Ма-мэ-ми-мо-му-у-у!..

– Что он вам скормил? – смотрел на него Москвич.

– Не помню. Что-то антигормональное. Сильное средство. Задерживает половое созревание. Вплоть до бесплодия, в отдельных случаях.

– И это был как раз ваш случай?

– Не только мой. Он еще парочку солистов таким же образом полечил. Когда некем заменить было или просто хотел их в хоре притормозить. Всплывать начало позже, когда ребятам уже по восемнадцать—двадцать, а голосок еще детский, ну и там, в трусах, все еще как у мальчиков. Да и тогда никто про хор не подумал, в то время тем, что в трусах, мало интересовались, не то, что сейчас. Его солист один заложил, когда меня уже в хоре не было. Плохо таблетки спрятал, родители нашли: что? откуда? Дело быстро замяли, Владислав Тимофеевич уже одной ногой в могиле стоял, беззубым ртом: “Только ради искусства!” Но кое-что всплыть успело. Что лаборатория, в которой Пяк-сэнсеным во Владивостоке работал, занималась как раз разработкой гормональных вакцин, опыты на детях тоже проводили, пытались идеального советского человека создать. Это я уже в перестройку где-то читал.

Улыбнулся.

– А вообще не жалею. Даже когда узнал, чего он меня своим хором лишил. Замечательный хор был, если честно сказать. Почти профессиональный. Ходил туда, как на праздник.

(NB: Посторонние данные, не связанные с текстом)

Lemma minkowski r (a b : I -> R) :
  sqrt (\big[Rplus/0]_(i <- r) ((a i + b i) * (a i + b i))) <=
  sqrt (\big[Rplus/0]_(i <- r) (a i * a i)) + sqrt (\big[Rplus/0]_(i <- r) (b i * b i)).
Proof.
  have -> : \big[Rplus/0]_(i <- r) ((a i + b i) * (a i + b i)) =
    \big[Rplus/0]_(i <- r) (a i * a i) + 2 * \big[Rplus/0]_(i <- r) (a i * b i) +
    \big[Rplus/0]_(i <- r) (b i * b i).
    by rewrite -sumR_scal -!big_split; apply: eq_bigr => i _ /=; ring.
  have HA : 0 <= \big[Rplus/0]_(i <- r) (a i * a i) by apply: sumR_ge0 => i; nra.
  have HB : 0 <= \big[Rplus/0]_(i <- r) (b i * b i) by apply: sumR_ge0 => i; nra.
  have CS := cauchy_schwarz r a b.
  set SP := \big[Rplus/0]_(i <- r) (a i * b i) in CS *.
  set SA := \big[Rplus/0]_(i <- r) (a i * a i) in CS HA *.
  set SB := \big[Rplus/0]_(i <- r) (b i * b i) in CS HB *.
  have HsA := sqrt_sqrt SA HA; have HsB := sqrt_sqrt SB HB.
  have HsA0 := sqrt_pos SA; have HsB0 := sqrt_pos SB.
  have HP : SP <= sqrt SA * sqrt SB.
    apply: Rnot_lt_le => Hlt.
    have : sqrt SA * sqrt SB * (sqrt SA * sqrt SB) < SP * SP.
      by have := Rmult_le_pos _ _ HsA0 HsB0; nra.
    nra.
  rewrite -(sqrt_square (sqrt SA + sqrt SB)); last lra.
  apply: sqrt_le_1_alt; nra.
Qed.

Lemma sum_sq_le_sq_sum_abs r (u : I -> R) :
  \big[Rplus/0]_(i <- r) (u i * u i) <=
    (\big[Rplus/0]_(i <- r) Rabs (u i)) * (\big[Rplus/0]_(i <- r) Rabs (u i)).
Proof.
  elim: r => [|j r IH]; rewrite ?big_nil ?big_cons; first lra.
  have HT : 0 <= \big[Rplus/0]_(i <- r) Rabs (u i) by apply: sumR_ge0 => i; apply: Rabs_pos.
  have Hj : u j * u j = Rabs (u j) * Rabs (u j).
    by rewrite -Rabs_mult Rabs_right //; apply/Rle_ge/Rle_0_sqr.
  by have := Rabs_pos (u j); nra.
Qed.

End RealSums.

Lemma sumR_mem {I : eqType} (r : seq I) (F : I -> R) j :
  (forall i, 0 <= F i) -> j \in r -> F j <= \big[Rplus/0]_(i <- r) F i.
Proof. by move=> H Hj; rewrite (big_rem j) //=; have := sumR_ge0 (rem j r) F H; lra. Qed.

Lemma sumR_const_ord (n : nat) (c : R) : \big[Rplus/0]_(i < n) c = INR n * c.
Proof.
  rewrite big_const_ord; elim: n => [|n IH]; first by rewrite /= Rmult_0_l.
  by rewrite iterS IH S_INR; ring.
Qed.

Section Euclidean.
Context {n : nat}.
Implicit Types x y : pt (halfspace n).

Definition coord x (i : 'I_n) : R := proj1_sig x i.

Lemma halfspace_dist x y :
  dist x y = sqrt (\big[Rplus/0]_(i < n) ((coord x i - coord y i) * (coord x i - coord y i))).
Proof. by []. Qed.

Lemma coord_dist_le x y i : Rabs (coord x i - coord y i) <= dist x y.
Proof.
  rewrite halfspace_dist -sqrt_Rsqr_abs; apply: sqrt_le_1_alt.
  apply: (sumR_mem _ (fun j => (coord x j - coord y j) * (coord x j - coord y j))) => [j|].
    exact: Rle_0_sqr.
  exact: mem_index_enum.
Qed.
(* Let $T_+$, $T_-$, $T_0$ be ordered (classical or virtual) tangle diagrams which coincide, including the orderings of their endpoints, outside a small disk, inside which $T_+$ consists of a positive crossing of two oriented arcs, $T_-$ of a negative crossing of the same two oriented arcs, and $T_0$ of the orientation-respecting smoothing of that crossing. Then $$\nabla(T_+)-\nabla(T_-)=z\,\nabla(T_0).$$
   Context: An $n$-tangle ($n\ge 1$) is a collection of $n$ disjoint oriented intervals (''strings'') and finitely many oriented circles (''closed components'') properly embedded in the 3-ball with string endpoints at $2n$ prescribed boundary points, represented by diagrams; virtual diagrams may also contain virtual crossings. For a string, its source is its input and its target its output. A tangle with $n$ strings is ordered if its $2n$ endpoints are numbered by integers $j_1<\dots<j_{2n}$ (up to monotone relabeling) so that every input receives some $j_{2k-1}$ and every output some $j_{2k}$; the ordering is coherent if for each $k$ the string with input $j_{2k-1}$ has output $j_{2k}$. For an ordered tangle diagram $D$: a state $S$ is a set of classical crossings; $D(S)$ is obtained by smoothing each crossing of $S$ respecting orientations and inherits the endpoint numbering. $S$ is coherent if $D(S)$ has no closed components and its ordering is coherent. For coherent $S$, traverse $D(S)$ along the string from $j_1$ to $j_2$, then the string from $j_3$ to $j_4$, etc.; the neighborhood of each smoothed crossing is passed twice, and $S$ is descending if for each crossing of $S$ its neighborhood is first entered along the former overpass. $\operatorname{sign}(S)$ is the product of local writhes of the crossings of $S$. Define $c_n(D)=\sum\operatorname{sign}(S)$ over descending states with $n$ crossings and $\nabla(D)=\sum_{n\ge0}c_n(D)z^n\in\mathbb Z[z]$; this is an invariant of ordered tangles. *)

From HB Require Import structures.
From mathcomp Require Import all_boot all_order all_algebra all_fingroup.
Set Implicit Arguments. Unset Strict Implicit. Unset Printing Implicit Defensive.
Import GRing.Theory.
Local Open Scope ring_scope.

(* A tangle diagram with [n] strings on a finite set [N] of "nodes" (small disks).
   Ends of arcs:
   - [inl k] as an outgoing end = boundary point j_{2k+1} (0-based position 2k),
     an input (source of a string); as an incoming end = boundary point at
     0-based position 2k+1, an output (target of a string).  Thus the ordering
     condition "inputs get odd j's, outputs get even j's" is built in.
   - [inr (v, b)] : the exit (as outgoing end) / entrance (as incoming end)
     of node [v] along its strand [b] ([true] = over strand, [false] = under).
   [link x] is the incoming end reached by following the oriented arc that
   starts at the outgoing end [x] (virtual crossings are invisible).
   [kind v] = [Some true] : a positive classical crossing,
              [Some false] : a negative classical crossing,
              [None] : no crossing; the disk contains the orientation-respecting
                       smoothing: entrance (v,b) continues to exit (v, ~~b).
   For a classical crossing, entrance (v,b) continues to exit (v,b). *)
Record tdiag (n : nat) (N : finType) := TDiag {
  kind : N -> option bool;
  link : {perm ('I_n + (N * bool))}
}.

Section Nabla.
Variables (n : nat) (N : finType).
Implicit Types (D : tdiag n N) (S : {set N}).

Definition pass D (e : N * bool) : N * bool :=
  (e.1, if kind D e.1 is None then ~~ e.2 else e.2).

Fixpoint walk_aux D (fuel : nat) (x : 'I_n + (N * bool))
  : seq (N * bool) * option 'I_n :=
  match fuel with
  | 0 => ([::], None)
  | f.+1 =>
    match link D x with
    | inl k => ([::], Some k)
    | inr e => let r := walk_aux D f (inr (pass D e)) in (e :: r.1, r.2)
    end
  end.

(* the string starting at input k (fuel is sufficient: no entrance repeats) *)
Definition walk D (k : 'I_n) := walk_aux D (2 * #|N|).+1 (inl k).

Definition crossings D : {set N} := [set v | kind D v != None].

Definition smoothS D S : tdiag n N :=
  TDiag (fun v => if v \in S then None else kind D v) (link D).

Definition no_closed D : bool :=
  [forall e : N * bool, [exists k : 'I_n, e \in (walk D k).1]].

(* the ordering is coherent: string from j_{2k-1} ends at j_{2k} *)
Definition coherent_order D : bool :=
  [forall k : 'I_n, (walk D k).2 == Some k].

Definition coherent D S : bool :=
  no_closed (smoothS D S) && coherent_order (smoothS D S).

Definition traversal D : seq (N * bool) :=
  flatten [seq (walk D k).1 | k <- enum 'I_n].

Definition descending D S : bool :=
  [forall v in S, index (v, true) (traversal (smoothS D S))
                   < index (v, false) (traversal (smoothS D S))]%N.

Definition sgnS D S : int :=
  \prod_(v in S) (if kind D v == Some true then 1 else -1).

Definition coef D (m : nat) : int :=
  \sum_(S : {set N} | [&& S \subset crossings D, #|S| == m,
                          coherent D S & descending D S]) sgnS D S.

Definition nabla D : {poly int} :=
  \sum_(m < #|N|.+1) coef D m *: 'X^m.

(* crossing change at c0: exchange over/under strand labels *)
Definition swap_at (c0 : N) (x : 'I_n + (N * bool)) : 'I_n + (N * bool) :=
  match x with
  | inr (v, b) => if v == c0 then inr (v, ~~ b) else x
  | _ => x
  end.

End Nabla.

From HB Require Import structures.
From mathcomp Require Import all_boot all_order all_algebra all_fingroup.
Set Implicit Arguments. Unset Strict Implicit. Unset Printing Implicit Defensive.
Import GRing.Theory.
Local Open Scope ring_scope.

(* A state avoiding c0 contributes the
   same to T+ and T-: the crossing change only exchanges the over/under labels
   of c0, which no state avoiding c0 can see.  If c0 is in S, smoothing S in
   T+, and in T- up to that exchange of labels, yields exactly T0 smoothed along
   S minus c0.  Hence the coherence conditions agree, and since the two entrances
   of c0 are met in some order, the descending condition at c0 holds in exactly
   one of T+ and T-.  Its local writhe +1 or -1 then turns the difference of the
   two terms into z times the T0 term of S minus c0. *)

Lemma forall_in_setD1 (T : finType) (S : {set T}) (c : T) (P : pred T) :
  c \in S -> [forall v in S, P v] = P c && [forall v in S :\ c, P v].
Proof.
move=> cS; apply/forallP/andP => [H|[Pc H] v].
  split; first exact: implyP (H c) cS.
  by apply/forallP => v; apply/implyP; rewrite in_setD1 => /andP[_ /(implyP (H v))].
apply/implyP => vS; have [-> //|ne] := eqVneq v c.
by apply: implyP (forallP H v) _; rewrite in_setD1 ne.
Qed.

Section Diagrams.
Variables (n : nat) (N : finType).
Implicit Types (D : tdiag n N) (S : {set N}).

Definition lift_end (f : N * bool -> N * bool) (x : 'I_n + (N * bool)) :=
  if x is inr e then inr (f e) else x.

– Я помню этот хор, у нас на каком-то слете он пел, – сказал Москвич. – Вышли корейские ребята и запели “Пропала собака”, в президиуме не знали, куда деться, а в зале вообще истерика, сидят, давятся...

– Да, помню. Говорили Владиславу Тимофеевичу, лучше эту песню в репертуар не брать, все знают, что корейцы из собак кядя готовят, будет неверное понимание. Только ему что говори, что молчи. Песня ему очень нравилась, и Шаинского обожал. Я тогда уже в Ташкенте на журфаке учился, но, когда свободен, всегда домой, в основном из-за хора.

– Все еще в детском хоре пели?

– Не солистом, конечно. Но пел. Выглядел я как школьник; Владислав Тимофеевич меня назад поставит, новичкам на подкрепление. А когда голос все-таки немного погрубел, это на курсе третьем уже, после хлопка, Владислав Тимофеевич поручил мне фальцетом петь. Хорошо получалось, что интересно. Даже когда уже в “Молодежке” работал, нет-нет, да и загляну на огонек, попою от души. Песни все те же пели, что при мне, ну, две-три новые, в духе времени, а так... Кроме меня еще пара была таких же “детей”, Цой Олег и еще. Мы себя в шутку называли “В бой идут одни старики”, фильм, помните, был. Только когда усы решил отращивать, тут уже пришлось с детством расстаться. Этих усов Пяк-сэнсеным мне так и не смог простить. Еще бы, говорит, годик попел, в “Артек” бы с нами съездил, маячит перспектива. Я говорю: Владислав Тимофеевич, куда мне “Артек”, мне уже тут некоторые ребята в сыновья годятся. Хотя, конечно, очень хотел разок в “Артеке” побывать, попеть около костра. Но усы мне были необходимы для работы, чтобы чуть-чуть солиднее выглядеть, а то куда ни сунешься, все как с юнкором обращаются. Усы так и не выросли до нужного размера. Ерунда выросла. Все под ноль сбрил, в итоге. Пришлось прибегнуть к сигарете, хотя бы голос немного в соответствие с паспортными данными привести. Но это уже когда я из “Молодежки” из-за этой статьи ушел...

Он написал статью о кобонди. Откровенно и правдиво описал условия работы сезонных рабочих-корейцев, выезжавших в другие земли сеять лук и собиравших рекордные урожаи. Обрисовал, как живут эти труженики в своих “балаганах”, из досок и рубероида, и каких достигают впечатляющих результатов. Написал о том, как в конце сезона только ленивый не вымогает у них “благодарность”.

Проблемы кобонди он знал не понаслышке. Из колхоза многие стали выезжать. Тельман, вооружившись блокнотом и не забыв журналистское удостоверение, задушевно поговорил тогда в форме интервью со многими. И с теми, которые вернулись, и с теми “ласточками”, которые только собирались в дальнюю дорожку. И удостоверением махать не понадобилось: молодого Тельмана Кима знали, и как сына известного луковода, и благодаря пению в хоре, и по некоторым актуальным статьям. Кобонди не таились, делились проблемами и раздумьями.